L’entretien avec Christophe Honoré est celui qui informe le plus de la complexité liée à la création. Tout en rapportant le tissu de malentendus qui entoura la réception de ses films, il montre un cinéaste assez sûr de lui, qui ne cesse paradoxalement, en retour, d’être critique sur son travail. « De toute façon, je ne suis pas mon cinéaste préféré et c’est une chose que j’ai admise après 17 fois Cécile Cassard. ». C’est le drame d’Honoré : admettre ou prendre acte qu’il ne sera jamais un grand créateur. D’où cette parole ouverte, généreuse et comme en analyse : la disparité et l’aspect impur de son cinéma empêchent d’emblée l’étiquetage auteur, créant une béance que renforce un bon goût de tous les instants. Drapé dans ses projets successifs, épousant parfaitement leurs rouages distincts, il est devenu ce cinéaste du milieu, inoffensif, que les rencontres (Branco, Caucheteux) et la presse ont forgé comme auteur. Moins parce qu’il provient des Cahiers du cinéma, qu’il n’a été construit, enfanté par une partie d’elle, comme Mia Hansen-Løve (excepté de la part des Cahiers). Si lui-même s’imagine dans l’entre-deux d’un cinéma impur, les films, eux, restent tristement lisses, raisonnables.

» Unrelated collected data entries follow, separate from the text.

(* Let $G$ be a strongly regular graph with parameters $(n,d,1,\mu)$ (i.e. with $\lambda=1$). Let $m$ be the number of edges of $G$, let $\theta_1\ge\theta_2\ge\cdots\ge\theta_n$ be the eigenvalues of its adjacency matrix, let $n^+$ be the number of positive eigenvalues, let $\omega=\omega(G)$ be the clique number, and let $\ell=\min(n^+,\omega)$. Then \[ \theta_1^2+\theta_2^2+\cdots+\theta_\ell^2\le \frac{2m(\omega-1)}{\omega}. \]
   Context: A strongly regular graph with parameters $(n,d,\lambda,\mu)$ is a $d$-regular graph on $n$ vertices in which every pair of adjacent vertices has exactly $\lambda$ common neighbours and every pair of distinct non-adjacent vertices has exactly $\mu$ common neighbours. Here $\mu$ denotes the SRG parameter, not an eigenvalue. *)

From HB Require Import structures.
From mathcomp Require Import all_boot all_order all_algebra.
From mathcomp Require Import reals.
Set Implicit Arguments. Unset Strict Implicit. Unset Printing Implicit Defensive.
Import Order.TTheory GRing.Theory Num.Theory.
Local Open Scope ring_scope.

Definition simple_graph (n : nat) (e : rel 'I_n) : Prop :=
  (forall x, ~~ e x x) /\ (forall x y, e x y = e y x).

Definition srg (n d lam mu : nat) (e : rel 'I_n) : Prop :=
  [/\ simple_graph e,
      (forall x, #|[set y | e x y]| = d),
      (forall x y, e x y -> #|[set z | e x z && e y z]| = lam) &
      (forall x y, x != y -> ~~ e x y -> #|[set z | e x z && e y z]| = mu)].

Definition num_edges (n : nat) (e : rel 'I_n) : nat :=
  #|[set E : {set 'I_n} | [exists x, exists y, e x y && (E == [set x; y])]]|.

Definition is_clique (n : nat) (e : rel 'I_n) (A : {set 'I_n}) : bool :=
  [forall x in A, forall y in A, (x != y) ==> e x y].

Definition clique_number (n : nat) (e : rel 'I_n) : nat :=
  \max_(A : {set 'I_n} | is_clique e A) #|A|.

Definition adj_matrix (R : nzRingType) (n : nat) (e : rel 'I_n) : 'M[R]_n :=
  \matrix_(i, j) (e i j)%:R%R.

From HB Require Import structures.
From mathcomp Require Import all_boot all_order all_algebra.
From mathcomp Require Import reals.
From mathcomp Require Import ring lra zify.
Set Implicit Arguments. Unset Strict Implicit. Unset Printing Implicit Defensive.
Import Order.TTheory GRing.Theory Num.Theory.
Local Open Scope ring_scope.

(* With lambda = 1 every edge lies in exactly one triangle, so omega = 3 once d > 0,
   and the right-hand side is at least 2nd/3 because 2m = nd.  The adjacency matrix
   satisfies A^2 = (d - mu) I + (1 - mu) A + mu J, so every eigenvalue other than d is
   a root of x^2 + (mu - 1) x - (d - mu), and a positive such root r has r^2 <= d - mu.
   When mu > 0, comparing traces shows that d is a simple eigenvalue, so the l <= 3
   largest eigenvalues contribute at most d^2 + 2 (d - mu), which is at most 2nd/3 by
   the feasibility condition d (d - 2) = (n - d - 1) mu.  When mu = 0 the graph is a
   disjoint union of triangles, with spectrum {2, -1} and n = 3 n^+. *)

Lemma prodrN_seq (I : Type) (R : comPzRingType) (s : seq I) (F : I -> R) :
  \prod_(x <- s) - F x = (-1) ^+ size s * \prod_(x <- s) F x.
Proof.
elim: s => [|x s IH]; first by rewrite !big_nil mul1r.
by rewrite !big_cons IH exprS mulN1r !mulNr mulrCA.
Qed.

Lemma char_poly_comp (R : fieldType) n (B : 'M[R]_n) (q : {poly R}) :
  char_poly B \Po q = \det (q%:M - map_mx polyC B).
Proof.
rewrite /char_poly -det_map_mx; congr (\det _); apply/matrixP => i j.
by rewrite !mxE rmorphB rmorphMn /= comp_polyX comp_polyC.
Qed.

Section CharPolyRoots.
Variables (R : fieldType) (n : nat) (A : 'M[R]_n) (s : seq R).
Hypothesis charA : char_poly A = \prod_(x <- s) ('X - x%:P).

Lemma size_char_poly_roots : size s = n.
Proof. by have := size_char_poly A; rewrite charA size_prod_XsubC => -[]. Qed.

Lemma sum_char_poly_roots : \sum_(x <- s) x = \tr A.
Proof.
case: n A charA size_char_poly_roots => [|n'] B charB sizes.
  by case: s sizes => // _; rewrite big_nil /mxtrace big_ord0.
apply: oppr_inj; rewrite -char_poly_trace // charB -coefPn_prod_XsubC ?sizes //.
Qed.

Lemma char_poly_sqrmx : char_poly (A *m A) = \prod_(x <- s) ('X - (x ^+ 2)%:P).
Proof.
pose Ap := map_mx polyC A.
have factor : ('X%:M - Ap) *m ((- 'X)%:M - Ap) = - ('X^2%:M - map_mx polyC (A *m A)).
  rewrite map_mxM mulmxBl !mulmxBr !mul_mx_scalar mul_scalar_mx.
  apply/matrixP => i j; rewrite !mxE.
  by case: (i == j); rewrite ?mulr1n ?mulr0n; ring.
have det_factor : char_poly A * (char_poly A \Po - 'X) =
                  (-1) ^+ n * (char_poly (A *m A) \Po 'X^2).
  by rewrite !char_poly_comp -det_mulmx factor -scaleN1r detZ.
have prod_factor : char_poly A * (char_poly A \Po - 'X) =
    (-1) ^+ n * ((\prod_(x <- s) ('X - (x ^+ 2)%:P)) \Po 'X^2).
  rewrite charA !rmorph_prod -big_split -size_char_poly_roots -prodrN_seq /=.
  apply: eq_bigr => x _; rewrite !comp_polyB !comp_polyX !comp_polyC rmorphXn.
  ring.
have /lreg_sign/eqP : (-1) ^+ n * (char_poly (A *m A) \Po 'X^2) =
    (-1) ^+ n * ((\prod_(x <- s) ('X - (x ^+ 2)%:P)) \Po 'X^2).
  by rewrite -det_factor prod_factor.
by rewrite -subr_eq0 -comp_polyB comp_poly_eq0 ?size_polyXn // subr_eq0 => /eqP.
Qed.
End CharPolyRoots.

Lemma sum_sqr_char_poly_roots (R : fieldType) n (A : 'M[R]_n) (s : seq R) :
  char_poly A = \prod_(x <- s) ('X - x%:P) -> \sum_(x <- s) x ^+ 2 = \tr (A *m A).
Proof.
move=> charA; rewrite -(big_map (fun x => x ^+ 2) predT id).
by apply: sum_char_poly_roots; rewrite big_map (char_poly_sqrmx charA).
Qed.

Lemma eq_set2 (T : finType) (a b x y : T) :
  [set a; b] = [set x; y] -> (a, b) = (x, y) \/ (a, b) = (y, x).
Proof.
move=> E; have xab : x \in [set a; b] by rewrite E set21.
have yab : y \in [set a; b] by rewrite E set22.
have : a \in [set x; y] by rewrite -E set21.
have : b \in [set x; y] by rewrite -E set22.
by move: xab yab; rewrite !inE => /pred2P[]? /pred2P[]? /pred2P[]? /pred2P[]?; subst; auto.
Qed.

Lemma is_cliqueP n (e : rel 'I_n) (A : {set 'I_n}) :
  reflect {in A &, forall x y, x != y -> e x y} (is_clique e A).
Proof.
apply: (iffP forall_inP) => [cl x y xA yA xy | cl x xA].
  by have /forall_inP/(_ y yA)/implyP := cl x xA; apply.
by apply/forall_inP => y yA; apply/implyP; apply: cl.
Qed.

Lemma sumr_pred_card (R : pzSemiRingType) (T : finType) (P : pred T) :
  \sum_x ((P x)%:R : R) = #|[set x | P x]|%:R.
Proof.
by rewrite -sum1_card natr_sum [RHS]big_mkcond; apply: eq_bigr => x _; rewrite inE; case: (P x).
Qed.

Lemma mulmx_const1 (R : pzRingType) n :
  (const_mx 1 : 'M[R]_n) *m (const_mx 1 : 'M[R]_n) = n%:R *: const_mx 1.
Proof.
apply/matrixP => i j; rewrite !mxE mulr1.
under eq_bigr do rewrite !mxE mulr1.
by rewrite sumr_const card_ord.
Qed.

Lemma sum_nth_take (T : Type) (x0 : T) (V : nmodType) (F : T -> V) (s : seq T) l :
  (l <= size s)%N -> \sum_(i < l) F (nth x0 s i) = \sum_(x <- take l s) F x.
Proof.
move=> l_le; rewrite (big_nth x0) size_takel // big_mkord.
by apply: eq_bigr => i _; rewrite nth_take.
Qed.

Lemma sumr_const_seq (T : Type) (V : nmodType) (c : V) (s : seq T) :
  \sum_(x <- s) c = c *+ size s.
Proof. by rewrite big_const_seq count_predT iter_addr_0. Qed.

La suite, les entretiens avec Mahamat-Saleh Haroun ou Rui Poças, confirme à quel point les interlocuteurs, principalement Nicolas Thévenin et Morgan Pokée, se montrent à l’écoute, sillonnant les pratiques et les méthodes, et parvenant à creuser l’horizon de chacun. Dans un entretien passionnant, la parole d’Haroun rayonne d’intelligence : « Mais pour moi, le territoire à explorer reste vraiment la France (…). S’il y a les territoires oubliés de la République, il y a aussi les habitants de ces territoires oubliés et je cherche une histoire pour explorer ces plis dans lesquels se nichent des petites particules occultées ».
João Pedro Rodrigues et João Rui Guerra Da Mata constituent un duo étonnant. Pas seulement car ce dernier, directeur artistique, a été crédité à cinq reprises comme co-réalisateur. Mais surtout parce que chez eux, commandes de courts et projets radicalement différents s’agrègent, fusionnant en un tout homogène. À leur image. Une coopération rare et novatrice, qui fait écho à la démarche des critiques de Répliques, immergés dans la psyché des cinéastes et au cœur du processus artistique. Un travail d’équipiers, en somme.
Répliques, Revue d’entretiens autour du cinéma, n°2. (Christophe Honoré, Mahamat-Saleh Haroun, José Luis Guerin, João Pedro Rodrigues & João Rui Guerra Da Mata, Rui Poças). 16 euros.